▶ **What the task requires**
Please restate, word for word, the lines below that begin at the one with "(* the sample" and end at the one with "(* (x, y, lab, fhat, G)". Leave out all other lines.

▼

(* Let $2\leq k<n$, let $K\subset\mathbb{C}^n$ be a convex body and let $p_0$ be a point in the interior of $K$. If for every complex $k$-dimensional affine subspace $P$ through $p_0$ the section $P\cap K$ is a (complex, $k$-dimensional) ellipsoid in $P$, then $K$ is an ellipsoid.
   Context: A convex body is a compact convex subset of $\mathbb{C}^n$ with nonempty interior. A (complex) ellipsoid in a complex affine space of dimension $m$ is the image of the closed Euclidean unit ball of $\mathbb{C}^m$ under an injective complex affine map into that space. *)

From HB Require Import structures.
From mathcomp Require Import all_boot all_order all_algebra.
From mathcomp Require Import all_classical all_reals all_analysis.
From mathcomp Require Import complex.
Import Order.TTheory GRing.Theory Num.Theory.
Import numFieldNormedType.Exports.

Set Implicit Arguments.
Unset Strict Implicit.
Unset Printing Implicit Defensive.

Local Open Scope ring_scope.
Local Open Scope classical_set_scope.

(* The complex numbers over R, viewed as a numFieldType so that
   MathComp-Analysis equips it (and 'rV[Cplx R]_n = C^n) with its
   usual (Euclidean / product) topology. *)
Definition Cplx (R : realType) : numFieldType := R[i].
(* Let $\mathcal{F}$ be a hypothesis class of functions $\mathcal{X}\to\{\pm1\}$ with finite VC dimension $d$, and $\mathcal{P}$ an unknown distribution on $\mathcal{X}\times\{\pm1\}$. Consider a run of Active-ILESS with confidence $\delta$ and suppose the event $\mathcal{K}$ occurred. Then every true risk minimizer $f^*$ of the original distribution $\mathcal{P}$ belongs to $G_t$ for all $t$. Consequently $R_{\mathcal{P}(G_t)}(f^* )\le R(f^* )$ for all $t$.
   Context: $R(f)=R_{\mathcal{P}}(f)=\Pr_{\mathcal{P}}[f(X)\ne Y]$; $\hat R(f,S)$ is the fraction of examples of $S$ misclassified by $f$; $f^*$ is any minimizer of $R$ over $\mathcal{F}$. Slacks: for $n>0$, $\delta'\in(0,1)$, $A=4d\ln\frac{16ne}{d\delta'}$, $\hat\sigma_{R-\hat R}(n,\delta',d,\hat r)=\frac{A}{n}+\sqrt{\frac{A}{n}\hat r}$, $\bar\sigma_{R-\hat R}(n,\delta',d,r)=\sqrt{\frac{A}{n}r}$, $\bar\sigma_{\hat R-R}(n,\delta',d,r)=\frac{A}{n}+\sqrt{\frac{A}{n}r}$, $\hat\sigma_{\hat R-R}(n,\delta',d,\hat r)=\sqrt{\frac{A}{n}\hat r}$, $\sigma_{R-\hat R}=\min\{\hat\sigma_{R-\hat R}(\cdot,\hat r),\bar\sigma_{R-\hat R}(\cdot,r)\}$, $\sigma_{\hat R-R}=\min\{\bar\sigma_{\hat R-R}(\cdot,r),\hat\sigma_{\hat R-R}(\cdot,\hat r)\}$. $AGR(G)=\{x:\text{all }f\in G\text{ agree on }x\}$. Active-ILESS (inputs: $\epsilon$ and/or budget $m$, confidence $\delta$, $\mathcal{F}$, $d$, i.i.d. stream $x_1,x_2,\dots$ from $\mathcal{P}$): initialize $\hat S=\emptyset$, $G_0=\mathcal{F}$, $t=1$; for each $x_t$: if $x_t\in AGR(G_{t-1})$ do not request its label and set $y_t=f(x_t)$ for any $f\in G_{t-1}$, otherwise request the true label $y_t$; add $(x_t,y_t)$ to $\hat S$; let $\hat f$ be an ERM on $\hat S$; if $\log_2t\in\mathbb{N}$: set $\sigma_{\rm Active}=\hat\sigma_{R-\hat R}(\tfrac t2,\tfrac\delta{2t},d,\hat R(\hat f,\hat S))+\bar\sigma_{\hat R-R}\big(\tfrac t2,\tfrac\delta{2t},d,\hat R(\hat f,\hat S)+\hat\sigma_{R-\hat R}(\tfrac t2,\tfrac\delta{2t},d,\hat R(\hat f,\hat S))\big)$, terminate returning $\hat f$ if $\epsilon$ was given and $\sigma_{\rm Active}<\epsilon$, set $G_t=\{f:\hat R(f,\hat S)\le\hat R(\hat f,\hat S)+\sigma_{\rm Active}\}$ and reset $\hat S=\emptyset$; otherwise $G_t=G_{t-1}$; if $m$ was given and $t=m$ terminate returning $\hat f$; increment $t$. For $G\subseteq\mathcal{F}$, $\mathcal{P}(G)$ is the distribution of $(X,Y')$ with $(X,Y)\sim\mathcal{P}$, $Y'$ = common value of $G$ at $X$ if $X\in AGR(G)$ and $Y'=Y$ otherwise; $R_{\mathcal{P}(G)}(f)=\Pr[f(X)\ne Y']$. Event $\mathcal{K}$: for every $t=2^i$ reached and every $f\in\mathcal{F}$, with $\hat R(f)=\hat R(f,\hat S)$ for $\hat S$ at iteration $t$ before reset, $R_{\mathcal{P}(G_{t-1})}(f)\le\hat R(f)+\sigma_{R-\hat R}(\tfrac t2,\tfrac\delta{2t},d,R_{\mathcal{P}(G_{t-1})}(f),\hat R(f))$ and $\hat R(f)\le R_{\mathcal{P}(G_{t-1})}(f)+\sigma_{\hat R-R}(\tfrac t2,\tfrac\delta{2t},d,R_{\mathcal{P}(G_{t-1})}(f),\hat R(f))$. *)

From HB Require Import structures.
From mathcomp Require Import all_boot all_order all_algebra.
From mathcomp Require Import all_classical all_reals all_analysis.
Set Implicit Arguments. Unset Strict Implicit. Unset Printing Implicit Defensive.
Import Order.TTheory GRing.Theory Num.Theory.
Local Open Scope classical_set_scope.
Local Open Scope ring_scope.

Definition shatters_size (X : Type) (F : set (X -> bool)) (n : nat) : Prop :=
  exists s : 'I_n -> X, injective s /\
    forall lab : 'I_n -> bool, exists f, F f /\ forall i, f (s i) = lab i.

Definition VC_dim (X : Type) (F : set (X -> bool)) (d : nat) : Prop :=
  shatters_size F d /\ ~ shatters_size F d.+1.

(* labels +-1 are represented by bool *)
Definition risk (d0 : measure_display) (X : measurableType d0) (R : realType)
  (P : probability (X * bool)%type R) (f : X -> bool) : R :=
  fine (P [set z | f z.1 != z.2]).

Definition AGR (X : Type) (G : set (X -> bool)) : set X :=
  [set x | forall f g, G f -> G g -> f x = g x].

(* R_{P(G)}(f) = Pr[f(X) <> Y'] where Y' is the common value of G at X
   if X \in AGR(G), and Y' = Y otherwise. *)
Definition riskPG (d0 : measure_display) (X : measurableType d0) (R : realType)
  (P : probability (X * bool)%type R) (G : set (X -> bool)) (f : X -> bool) : R :=
  fine (P [set z | (AGR G z.1 /\ exists g, G g /\ f z.1 != g z.1)
                   \/ (~ AGR G z.1 /\ f z.1 != z.2)]).

Definition emp_risk (X : Type) (R : realType) (f : X -> bool) (S : seq (X * bool)) : R :=
  (count (fun z => f z.1 != z.2) S)%:R / (size S)%:R.

Section Slacks.
Variable R : realType.
Definition Aterm (n delta' : R) (d : nat) : R :=
  4 * d%:R * ln (16 * n * expR 1 / (d%:R * delta')).
Definition sig_hat_RmR (n delta' : R) (d : nat) (rh : R) : R :=
  Aterm n delta' d / n + Num.sqrt (Aterm n delta' d / n * rh).
Definition sig_bar_RmR (n delta' : R) (d : nat) (r : R) : R :=
  Num.sqrt (Aterm n delta' d / n * r).
Definition sig_bar_hRmR (n delta' : R) (d : nat) (r : R) : R :=
  Aterm n delta' d / n + Num.sqrt (Aterm n delta' d / n * r).
Definition sig_hat_hRmR (n delta' : R) (d : nat) (rh : R) : R :=
  Num.sqrt (Aterm n delta' d / n * rh).
Definition sig_RmR (n delta' : R) (d : nat) (r rh : R) : R :=
  Num.min (sig_hat_RmR n delta' d rh) (sig_bar_RmR n delta' d r).
Definition sig_hRmR (n delta' : R) (d : nat) (r rh : R) : R :=
  Num.min (sig_bar_hRmR n delta' d r) (sig_hat_hRmR n delta' d rh).
End Slacks.

Definition pow2b (t : nat) : bool := (0 < t)%N && (2 ^ trunc_log 2 t == t)%N.

(* the sample \hat S at the end of iteration t (before a possible reset at t),
   given the stream x and the labels lab assigned by the algorithm
   (pseudo-labels on the agreement region, true labels otherwise);
   \hat S is reset after every iteration t with log_2 t in N. *)
Fixpoint Shat (X : Type) (x : nat -> X) (lab : nat -> bool) (t : nat) : seq (X * bool) :=
  match t with
  | 0 => [::]
  | t'.+1 => rcons (if pow2b t' then [::] else Shat x lab t') (x t'.+1, lab t'.+1)
  end.

Definition sigma_active (R : realType) (d : nat) (delta : R) (t : nat) (rh : R) : R :=
  let n := t%:R / 2 in let dl := delta / (2 * t%:R) in
  sig_hat_RmR n dl d rh + sig_bar_hRmR n dl d (rh + sig_hat_RmR n dl d rh).

(* (x, y, lab, fhat, G) is a run of Active-ILESS on F with parameters d, delta,
   for iterations t = 1 .. T (G t = G_t, fhat t = ERM computed at iteration t). *)
Definition ILESS_run (X : Type) (R : realType) (F : set (X -> bool)) (d : nat) (delta : R)
  (x : nat -> X) (y : nat -> bool) (lab : nat -> bool) (fhat : nat -> X -> bool)
  (G : nat -> set (X -> bool)) (T : nat) : Prop :=
  G 0 = F /\
  forall t, (1 <= t <= T)%N ->
    (AGR (G t.-1) (x t) -> exists g, G t.-1 g /\ lab t = g (x t)) /\
    (~ AGR (G t.-1) (x t) -> lab t = y t) /\
    (F (fhat t) /\ forall f, F f ->
       emp_risk R (fhat t) (Shat x lab t) <= emp_risk R f (Shat x lab t)) /\
    G t = (if pow2b t then
             [set f | F f /\ emp_risk R f (Shat x lab t) <=
                emp_risk R (fhat t) (Shat x lab t)
                + sigma_active d delta t (emp_risk R (fhat t) (Shat x lab t))]
           else G t.-1).

Definition event_K (d0 : measure_display) (X : measurableType d0) (R : realType)
  (P : probability (X * bool)%type R) (F : set (X -> bool)) (d : nat) (delta : R)
  (x : nat -> X) (lab : nat -> bool) (G : nat -> set (X -> bool)) (T : nat) : Prop :=
  forall t, (1 <= t <= T)%N -> pow2b t -> forall f, F f ->
    let n := t%:R / 2 in let dl := delta / (2 * t%:R) in
    let r := riskPG P (G t.-1) f in let rh := emp_risk R f (Shat x lab t) in
    r <= rh + sig_RmR n dl d r rh /\ rh <= r + sig_hRmR n dl d r rh.

From HB Require Import structures.
From mathcomp Require Import all_boot all_order all_algebra.
From mathcomp Require Import all_classical all_reals all_analysis.
From mathcomp Require Import lra.
Set Implicit Arguments. Unset Strict Implicit. Unset Printing Implicit Defensive.
Import Order.TTheory GRing.Theory Num.Theory.
Local Open Scope classical_set_scope.
Local Open Scope ring_scope.

(* Induction on t, for a risk minimiser f* of P.  Pseudo-labelling by a
   version space G containing f* cannot shrink excess risks: on the agreement
   region f* is charged nothing while any f is charged its disagreement with
   f*, so  R f - R f* <= R_P(G) f - R_P(G) f*.  Hence f* also minimises the
   risk under P(G_{t-1}) and in particular beats the ERM fhat there.  Chaining
   the two inequalities of event K, for f* and for fhat, through this
   comparison gives  Rhat f* <= Rhat fhat + sigma_Active,  so f* survives into
   G_t.  Finally R_P(G) f* only counts the errors of f* outside the agreement
   region of G, hence is at most R f*. *)

Section real_probability.
Context (d : measure_display) (T : measurableType d) (R : realType)
  (P : probability T R).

▲

▶ **Answer box**
(* the sample \hat S at the end of iteration t (before a possible reset at t),
   given the stream x and the labels lab assigned by the algorithm
   (pseudo-labels on the agreement region, true labels otherwise);
   \hat S is reset after every iteration t with log_2 t in N. *)
Fixpoint Shat (X : Type) (x : nat -> X) (lab : nat -> bool) (t : nat) : seq (X * bool) :=
  match t with
  | 0 => [::]
  | t'.+1 => rcons (if pow2b t' then [::] else Shat x lab t') (x t'.+1, lab t'.+1)
  end.

Definition sigma_active (R : realType) (d : nat) (delta : R) (t : nat) (rh : R) : R :=
  let n := t%:R / 2 in let dl := delta / (2 * t%:R) in
  sig_hat_RmR n dl d rh + sig_bar_hRmR n dl d (rh + sig_hat_RmR n dl d rh).

(* (x, y, lab, fhat, G) is a run of Active-ILESS on F with parameters d, delta,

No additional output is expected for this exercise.